# DATA RECORDS
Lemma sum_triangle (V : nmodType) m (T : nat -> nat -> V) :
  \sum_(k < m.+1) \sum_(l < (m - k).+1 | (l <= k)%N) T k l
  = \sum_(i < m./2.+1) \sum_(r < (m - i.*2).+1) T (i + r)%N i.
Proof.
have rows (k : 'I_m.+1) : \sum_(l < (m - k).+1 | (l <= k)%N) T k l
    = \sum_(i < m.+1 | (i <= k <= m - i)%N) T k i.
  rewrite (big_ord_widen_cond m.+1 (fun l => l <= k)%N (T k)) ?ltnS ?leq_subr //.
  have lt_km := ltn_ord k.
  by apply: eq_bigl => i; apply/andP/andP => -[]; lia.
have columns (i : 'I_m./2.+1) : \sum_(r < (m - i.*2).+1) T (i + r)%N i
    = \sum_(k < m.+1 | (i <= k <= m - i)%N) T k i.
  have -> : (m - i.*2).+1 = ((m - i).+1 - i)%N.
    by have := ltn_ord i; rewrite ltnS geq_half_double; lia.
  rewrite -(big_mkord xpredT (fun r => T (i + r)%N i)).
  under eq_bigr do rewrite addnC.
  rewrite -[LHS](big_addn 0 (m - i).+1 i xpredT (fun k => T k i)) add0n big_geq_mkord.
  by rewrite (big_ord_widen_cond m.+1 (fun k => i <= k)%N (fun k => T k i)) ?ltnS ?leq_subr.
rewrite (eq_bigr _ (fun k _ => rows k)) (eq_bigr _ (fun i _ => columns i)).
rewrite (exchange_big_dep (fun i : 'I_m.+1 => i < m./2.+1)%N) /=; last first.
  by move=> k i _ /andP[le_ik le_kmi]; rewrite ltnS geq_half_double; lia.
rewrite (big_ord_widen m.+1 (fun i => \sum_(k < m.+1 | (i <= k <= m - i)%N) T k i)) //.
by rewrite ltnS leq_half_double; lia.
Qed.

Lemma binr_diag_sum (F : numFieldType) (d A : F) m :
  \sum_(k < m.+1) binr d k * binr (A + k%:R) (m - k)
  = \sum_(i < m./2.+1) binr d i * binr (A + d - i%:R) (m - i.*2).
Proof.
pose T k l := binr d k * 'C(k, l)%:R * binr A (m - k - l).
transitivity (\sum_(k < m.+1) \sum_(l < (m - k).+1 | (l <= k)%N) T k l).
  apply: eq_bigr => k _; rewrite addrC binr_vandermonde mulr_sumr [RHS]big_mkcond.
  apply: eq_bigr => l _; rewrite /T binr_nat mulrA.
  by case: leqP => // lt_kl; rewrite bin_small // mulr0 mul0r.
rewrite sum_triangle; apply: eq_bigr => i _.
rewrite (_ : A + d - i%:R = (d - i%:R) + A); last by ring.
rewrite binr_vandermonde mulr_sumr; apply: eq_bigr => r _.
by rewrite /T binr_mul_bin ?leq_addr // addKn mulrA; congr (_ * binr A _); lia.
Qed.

--

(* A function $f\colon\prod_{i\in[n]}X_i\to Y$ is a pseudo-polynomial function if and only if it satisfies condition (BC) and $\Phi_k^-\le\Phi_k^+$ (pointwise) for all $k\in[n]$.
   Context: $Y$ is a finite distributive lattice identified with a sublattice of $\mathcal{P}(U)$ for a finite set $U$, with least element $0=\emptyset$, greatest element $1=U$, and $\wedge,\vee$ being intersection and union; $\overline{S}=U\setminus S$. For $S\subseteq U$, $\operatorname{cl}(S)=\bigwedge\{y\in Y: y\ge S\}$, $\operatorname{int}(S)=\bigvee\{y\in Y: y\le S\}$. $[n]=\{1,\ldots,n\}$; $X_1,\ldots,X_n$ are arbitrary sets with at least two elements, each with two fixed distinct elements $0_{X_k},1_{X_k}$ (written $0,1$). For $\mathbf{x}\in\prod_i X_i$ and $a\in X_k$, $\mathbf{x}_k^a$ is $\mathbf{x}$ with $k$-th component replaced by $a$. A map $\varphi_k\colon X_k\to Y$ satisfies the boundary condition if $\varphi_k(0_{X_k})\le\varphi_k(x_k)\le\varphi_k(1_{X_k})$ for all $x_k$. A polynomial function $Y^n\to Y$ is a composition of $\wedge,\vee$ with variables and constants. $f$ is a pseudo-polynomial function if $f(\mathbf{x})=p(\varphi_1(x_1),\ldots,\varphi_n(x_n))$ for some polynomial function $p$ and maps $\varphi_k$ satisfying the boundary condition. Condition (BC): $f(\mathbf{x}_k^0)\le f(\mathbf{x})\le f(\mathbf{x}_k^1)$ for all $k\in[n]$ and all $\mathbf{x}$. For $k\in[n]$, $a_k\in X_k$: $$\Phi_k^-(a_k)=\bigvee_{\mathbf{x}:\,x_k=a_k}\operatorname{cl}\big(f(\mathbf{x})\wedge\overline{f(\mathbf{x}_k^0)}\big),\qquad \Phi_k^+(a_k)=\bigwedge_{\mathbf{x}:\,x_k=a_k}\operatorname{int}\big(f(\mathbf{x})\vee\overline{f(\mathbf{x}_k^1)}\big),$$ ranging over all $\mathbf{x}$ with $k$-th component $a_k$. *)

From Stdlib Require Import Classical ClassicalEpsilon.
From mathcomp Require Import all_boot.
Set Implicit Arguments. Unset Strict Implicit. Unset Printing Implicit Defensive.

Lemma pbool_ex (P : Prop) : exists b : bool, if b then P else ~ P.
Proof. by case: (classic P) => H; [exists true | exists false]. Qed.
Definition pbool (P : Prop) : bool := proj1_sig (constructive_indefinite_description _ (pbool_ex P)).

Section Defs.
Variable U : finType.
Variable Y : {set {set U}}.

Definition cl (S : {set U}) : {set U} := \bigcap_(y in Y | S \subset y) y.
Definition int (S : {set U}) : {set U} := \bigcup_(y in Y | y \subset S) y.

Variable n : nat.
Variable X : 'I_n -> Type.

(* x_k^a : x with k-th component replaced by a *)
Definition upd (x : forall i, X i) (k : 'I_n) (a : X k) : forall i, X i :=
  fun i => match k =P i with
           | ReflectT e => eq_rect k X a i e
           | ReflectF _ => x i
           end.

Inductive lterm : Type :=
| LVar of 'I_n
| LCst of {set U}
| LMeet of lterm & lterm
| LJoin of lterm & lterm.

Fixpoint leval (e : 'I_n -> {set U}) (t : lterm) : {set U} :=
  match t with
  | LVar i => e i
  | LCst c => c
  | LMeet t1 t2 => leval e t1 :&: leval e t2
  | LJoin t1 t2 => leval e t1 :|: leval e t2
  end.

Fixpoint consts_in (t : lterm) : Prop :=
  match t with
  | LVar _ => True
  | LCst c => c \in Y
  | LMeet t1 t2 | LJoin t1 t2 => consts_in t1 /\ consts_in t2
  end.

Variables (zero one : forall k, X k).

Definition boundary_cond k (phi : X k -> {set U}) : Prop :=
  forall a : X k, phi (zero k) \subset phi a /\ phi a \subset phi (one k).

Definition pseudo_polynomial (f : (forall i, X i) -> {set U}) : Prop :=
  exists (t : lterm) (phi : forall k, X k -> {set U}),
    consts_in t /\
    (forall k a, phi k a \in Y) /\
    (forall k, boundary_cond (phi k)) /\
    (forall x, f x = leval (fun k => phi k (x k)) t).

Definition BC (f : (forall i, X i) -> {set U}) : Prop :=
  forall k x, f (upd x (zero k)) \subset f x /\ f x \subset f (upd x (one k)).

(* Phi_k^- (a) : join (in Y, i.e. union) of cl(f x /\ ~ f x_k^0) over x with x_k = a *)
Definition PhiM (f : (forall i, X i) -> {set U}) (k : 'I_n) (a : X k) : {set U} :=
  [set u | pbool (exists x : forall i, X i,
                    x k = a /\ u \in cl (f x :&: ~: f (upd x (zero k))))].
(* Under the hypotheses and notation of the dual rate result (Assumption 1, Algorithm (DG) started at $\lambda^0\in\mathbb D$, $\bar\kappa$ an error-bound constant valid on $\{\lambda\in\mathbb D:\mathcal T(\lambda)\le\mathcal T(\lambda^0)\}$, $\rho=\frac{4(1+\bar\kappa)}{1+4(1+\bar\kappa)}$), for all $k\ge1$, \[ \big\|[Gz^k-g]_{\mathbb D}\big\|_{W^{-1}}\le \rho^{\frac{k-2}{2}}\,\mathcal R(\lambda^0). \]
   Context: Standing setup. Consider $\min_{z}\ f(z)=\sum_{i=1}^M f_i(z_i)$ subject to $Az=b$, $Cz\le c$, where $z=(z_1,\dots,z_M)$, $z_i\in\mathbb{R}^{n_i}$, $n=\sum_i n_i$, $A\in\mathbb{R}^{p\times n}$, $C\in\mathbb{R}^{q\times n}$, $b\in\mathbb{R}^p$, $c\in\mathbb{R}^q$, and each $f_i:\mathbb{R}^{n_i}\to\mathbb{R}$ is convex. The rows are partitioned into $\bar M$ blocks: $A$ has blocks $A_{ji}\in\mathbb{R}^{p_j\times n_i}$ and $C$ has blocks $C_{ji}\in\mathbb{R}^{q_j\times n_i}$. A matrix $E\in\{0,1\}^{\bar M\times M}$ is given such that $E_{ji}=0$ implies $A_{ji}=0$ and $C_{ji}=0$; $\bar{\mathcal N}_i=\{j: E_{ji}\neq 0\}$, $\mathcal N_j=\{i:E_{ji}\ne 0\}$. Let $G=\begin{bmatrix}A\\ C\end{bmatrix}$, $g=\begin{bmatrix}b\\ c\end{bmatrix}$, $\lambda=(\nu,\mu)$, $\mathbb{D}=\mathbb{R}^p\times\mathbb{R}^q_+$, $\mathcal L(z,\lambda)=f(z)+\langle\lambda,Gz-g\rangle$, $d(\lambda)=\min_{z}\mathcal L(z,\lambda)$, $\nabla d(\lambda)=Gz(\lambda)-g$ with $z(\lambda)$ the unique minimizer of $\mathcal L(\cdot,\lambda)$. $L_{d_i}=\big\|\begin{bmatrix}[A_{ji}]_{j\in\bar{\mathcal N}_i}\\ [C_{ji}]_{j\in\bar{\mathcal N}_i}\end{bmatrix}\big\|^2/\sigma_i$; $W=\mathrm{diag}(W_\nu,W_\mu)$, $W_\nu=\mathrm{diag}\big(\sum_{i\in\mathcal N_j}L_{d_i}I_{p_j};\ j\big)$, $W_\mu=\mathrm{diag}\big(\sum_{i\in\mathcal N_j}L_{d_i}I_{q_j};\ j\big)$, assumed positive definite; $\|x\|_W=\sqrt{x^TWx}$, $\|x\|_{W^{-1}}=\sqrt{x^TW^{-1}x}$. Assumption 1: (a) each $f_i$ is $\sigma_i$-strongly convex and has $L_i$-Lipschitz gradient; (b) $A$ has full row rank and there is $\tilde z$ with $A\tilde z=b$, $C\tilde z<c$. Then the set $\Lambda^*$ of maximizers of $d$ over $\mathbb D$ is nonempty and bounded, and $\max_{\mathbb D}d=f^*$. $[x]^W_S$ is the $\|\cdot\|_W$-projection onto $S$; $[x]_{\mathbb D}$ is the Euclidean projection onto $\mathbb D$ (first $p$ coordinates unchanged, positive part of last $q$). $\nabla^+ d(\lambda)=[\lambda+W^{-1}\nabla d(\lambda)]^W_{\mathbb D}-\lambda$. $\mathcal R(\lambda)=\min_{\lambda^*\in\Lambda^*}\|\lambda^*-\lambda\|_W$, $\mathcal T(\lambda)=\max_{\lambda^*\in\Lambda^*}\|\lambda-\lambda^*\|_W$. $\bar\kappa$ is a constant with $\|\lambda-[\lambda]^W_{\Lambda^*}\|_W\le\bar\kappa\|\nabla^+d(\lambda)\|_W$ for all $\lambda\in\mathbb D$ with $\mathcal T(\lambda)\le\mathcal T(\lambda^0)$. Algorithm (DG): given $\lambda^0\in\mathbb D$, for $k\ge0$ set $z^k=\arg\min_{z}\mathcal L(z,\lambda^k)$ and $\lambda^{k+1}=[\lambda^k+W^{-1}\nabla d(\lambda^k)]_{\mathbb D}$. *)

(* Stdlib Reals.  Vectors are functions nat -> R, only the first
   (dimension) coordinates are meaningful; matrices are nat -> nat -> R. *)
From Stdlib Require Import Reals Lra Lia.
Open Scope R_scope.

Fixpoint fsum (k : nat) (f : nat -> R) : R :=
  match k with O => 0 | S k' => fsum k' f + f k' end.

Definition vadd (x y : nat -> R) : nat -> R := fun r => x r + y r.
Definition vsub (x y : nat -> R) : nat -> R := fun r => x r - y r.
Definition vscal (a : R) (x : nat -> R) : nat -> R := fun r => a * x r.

# WORK REQUEST
Beginning at the line with "Fixpoint consts_in (t" and stopping after the line with "forall a : X", please write out every line of the data above exactly and nothing else.

# TASK ANSWER
Fixpoint consts_in (t : lterm) : Prop :=
  match t with
  | LVar _ => True
  | LCst c => c \in Y
  | LMeet t1 t2 | LJoin t1 t2 => consts_in t1 /\ consts_in t2
  end.

Variables (zero one : forall k, X k).

Definition boundary_cond k (phi : X k -> {set U}) : Prop :=
  forall a : X k, phi (zero k) \subset phi a /\ phi a \subset phi (one k).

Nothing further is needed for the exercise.